Apreciemos, agora, se, como defende a Recorrente, o acidente dos autos deve ser descaracterizado.
Sobre a questão, depois de considerar aplicável ao caso dos autos a Lei n.º 98/2009, de 4 de Setembro (LAT), debruçar-se sobre o conceito de acidente de trabalho e concluir que o evento ocorrido com o Sinistrado consubstancia um acidente ocorrido no tempo e no local de trabalho e que, no caso, estão verificados todos os elementos caracterizadores do acidente de trabalho tal como definido no artigo 8.º da mencionada Lei, matéria que não foi posta em causa pelas partes, pronunciou-se a sentença recorrida nos seguintes termos:
 “B. Da negligência grosseira do trabalhador/ inobservância de regras de segurança ou violação pelo sinistrado de normas de segurança implementadas pela empregadora
A ré seguradora defende que o acidente se deu em virtude de o sinistrado não ter fixado a corda do arnês de segurança na estrutura fixa, tendo o acidente resultado exclusivamente desta sua conduta omissiva.
Defende, portanto, a descaracterização do acidente. Subsidiariamente, invoca que terá ocorrido inobservância das condições de segurança, que as regras de segurança implementadas se revelaram insuficientes para impedirem o acidente questão e, ainda, que o sinistrado desrespeitou as normas de segurança implementadas no local de trabalho.

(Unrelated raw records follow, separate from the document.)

(* For positive integers $n, m$ with $m \le n$ define $$f(n,m) = \sum_{k=0}^{m-1} \binom{n}{k} \left(\frac{m}{n}\right)^k \left(1 - \frac{m}{n}\right)^{n-k}.$$ Then $f(n,m) \geq \frac{3}{8}$ for all integers $n \geq 100$ and $12 \leq m \leq \frac{n}{2} + 1$.
   Context: $f(n,m)$ is the probability that a binomial random variable with $n$ trials and success probability $m/n$ is at most $m-1$. *)

From mathcomp Require Import all_boot all_order all_algebra.
Set Implicit Arguments. Unset Strict Implicit. Unset Printing Implicit Defensive.
Import Order.TTheory GRing.Theory Num.Theory.
Local Open Scope ring_scope.

Definition f (R : realFieldType) (n m : nat) : R :=
  \sum_(0 <= k < m) ('C(n, k))%:R * ((m%:R / n%:R) ^+ k)
                     * ((1 - m%:R / n%:R) ^+ (n - k)).

(* Write b_k for the Bin(n, m/n) probabilities and t = n - m.  The ratio of
   consecutive terms gives b_(m-j) = b_m alpha_j and b_(m+j) <= b_m gamma_j with
   alpha_j = prod_(i<j) (m-i) t / (m (t+i+1)) and gamma_j = prod_(i<j) m / (m+i+1);
   bounding the far tail of the gamma_j geometrically, the terms with k >= m have
   total mass at most b_m (1 + G), while f(n,m) = b_m A with A = sum_(j=1..m) alpha_j.
   As all terms sum to 1, 3 (1 + G) <= 5 A forces f(n,m) >= 3/8.  The alpha_j grow
   with t, and t >= max(100 - m, m - 2), so it suffices to check 3 (1 + G) <= 5 A at
   t = max(100 - m, m - 2): for m < 1500 by an exact integer computation rounded in
   the safe direction, and for m >= 1500 by the comparison gamma_(3i) <= alpha_(2i),
   which makes G at most about 3/2 A, together with A >= 14. *)

From Stdlib Require NArith ZArith.
From Stdlib Require Import Zify ZArithRing.
From mathcomp Require Import all_boot all_order all_algebra.
From mathcomp Require Import ring lra zify.
Set Implicit Arguments. Unset Strict Implicit. Unset Printing Implicit Defensive.
Import Order.TTheory GRing.Theory Num.Theory.
Local Open Scope ring_scope.

Section BinomialTerms.
Variable R : realFieldType.

Definition binom_term (n : nat) (p : R) (k : nat) : R :=
  'C(n, k)%:R * p ^+ k * (1 - p) ^+ (n - k).

Lemma binom_term_ge0 n p k : 0 <= p <= 1 -> 0 <= binom_term n p k.
Proof. by case/andP=> p_ge0 p_le1; rewrite !mulr_ge0 ?exprn_ge0 ?subr_ge0. Qed.

Lemma sum_binom_term n p : \sum_(0 <= k < n.+1) binom_term n p k = 1.
Proof.
have <- : (p + (1 - p)) ^+ n = 1 by rewrite addrC subrK expr1n.
rewrite addrC exprDn big_mkord; apply: eq_bigr => k _.
by rewrite /binom_term -mulr_natl; ring.
Qed.

Lemma binom_termS n p k :
  binom_term n p k.+1 * (k.+1%:R * (1 - p)) = binom_term n p k * ((n - k)%:R * p).
Proof.
rewrite /binom_term; have [lt_kn | le_nk] := ltnP k n; last first.
  by rewrite bin_small ?ltnS // (eqP le_nk) !mul0r mulr0.
have Enk : (n - k = (n - k.+1).+1)%N by rewrite subnSK.
have Ebin : 'C(n, k.+1)%:R * k.+1%:R = (n - k)%:R * 'C(n, k)%:R :> R.
  by rewrite -!natrM mulnC mul_bin_left.
rewrite Enk !exprS -Enk; set q := (1 - p) ^+ _.
transitivity ('C(n, k.+1)%:R * k.+1%:R * (p * p ^+ k) * q * (1 - p)); first ring.
by rewrite Ebin; ring.
Qed.
End BinomialTerms.

Lemma natr_div_le1 (R : realFieldType) (a b : nat) : (a <= b)%N -> a%:R / b%:R <= 1 :> R.
Proof.
move=> le_ab; have [->|b_gt0] := posnP b; first by rewrite invr0 mulr0.
by rewrite ler_pdivrMr ?ltr0n // mul1r ler_nat.
Qed.

Lemma ler_natr_div (R : realFieldType) (a b c d : nat) : (0 < b)%N -> (0 < d)%N ->
  (a * d <= c * b)%N -> a%:R / b%:R <= c%:R / d%:R :> R.
Proof.
move=> b_gt0 d_gt0 le_ad_cb; rewrite ler_pdivrMr ?ltr0n // mulrAC ler_pdivlMr ?ltr0n //.
by rewrite -!natrM ler_nat.
Qed.

Lemma geometric_tail (R : realFieldType) (rho : R) (y : nat -> R) N :
  0 <= rho < 1 -> (forall k, 0 <= y k) -> (forall k, y k.+1 <= rho * y k) ->
  \sum_(0 <= k < N) y k.+1 <= y 0%N * rho / (1 - rho).
Proof.
case/andP=> rho_ge0 rho_lt1; have gap : 0 < 1 - rho by rewrite subr_gt0.
elim: N y => [|N IH] y y_ge0 y_dec.
  by rewrite big_geq // !mulr_ge0 // invr_ge0 ltW.
rewrite big_nat_recl //; apply: le_trans (lerD (lexx _) (IH _ (fun k => y_ge0 k.+1) _)) _.
  by move=> k; apply: y_dec.
have -> : y 1%N + y 1%N * rho / (1 - rho) = y 1%N / (1 - rho).
  by field; rewrite lt0r_neq0.
by rewrite ler_pdivrMr // mulrVK ?unitfE ?lt0r_neq0 // mulrC y_dec.
Qed.

Section AroundTheMean.
Variable R : realFieldType.

Definition below_ratio (m t j : nat) : R :=
  \prod_(i < j) (((m - i) * t)%:R / (m * (t + i.+1))%:R).

Definition above_ratio (m j : nat) : R := \prod_(i < j) (m%:R / (m + i.+1)%:R).

Definition lower_sum (m t : nat) : R := \sum_(0 <= j < m) below_ratio m t j.+1.

Definition upper_tail (m J : nat) : R :=
  \sum_(0 <= j < J) above_ratio m j.+1 + above_ratio m J * m%:R / J.+1%:R.

Lemma below_ratioS m t j :
  below_ratio m t j.+1 = below_ratio m t j * (((m - j) * t)%:R / (m * (t + j.+1))%:R).
Proof. by rewrite /below_ratio big_ord_recr. Qed.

Também o liquidatário da sociedade empregadora defende que o sinistrado não adoptou as medidas de segurança implementadas, desprezando a utilização do equipamento de protecção individual que lhe foi facultado e que o acidente decorreu exclusivamente dessa omissão. Conclui que o acidente se deveu a culpa grave e exclusiva do sinistrado, por violação das regras e condições de segurança estabelecidas pela empregadora e pela lei.
Dispõe o art.º 14º da LAT o seguinte:
«1 - O empregador não tem de reparar os danos decorrentes do acidente que:
a) For dolosamente provocado pelo sinistrado ou provier de seu acto ou omissão, que importe violação, sem causa justificativa, das condições de segurança estabelecidas pelo empregador ou previstas na lei;
b) Provier exclusivamente de negligência grosseira do sinistrado;
c) Resultar da privação permanente ou acidental do uso da razão do sinistrado, nos termos do Código Civil, salvo se tal privação derivar da própria prestação do trabalho, for independente da vontade do sinistrado ou se o empregador ou o seu representante, conhecendo o estado do sinistrado, consentir na prestação.
2 - Para efeitos do disposto na alínea a) do número anterior, considera-se que existe causa justificativa da violação das condições de segurança se o acidente de trabalho resultar de incumprimento de norma legal ou estabelecida pelo empregador da qual o trabalhador, face ao seu grau de instrução ou de acesso à informação, dificilmente teria conhecimento ou, tendo-o, lhe fosse manifestamente difícil entendê-la.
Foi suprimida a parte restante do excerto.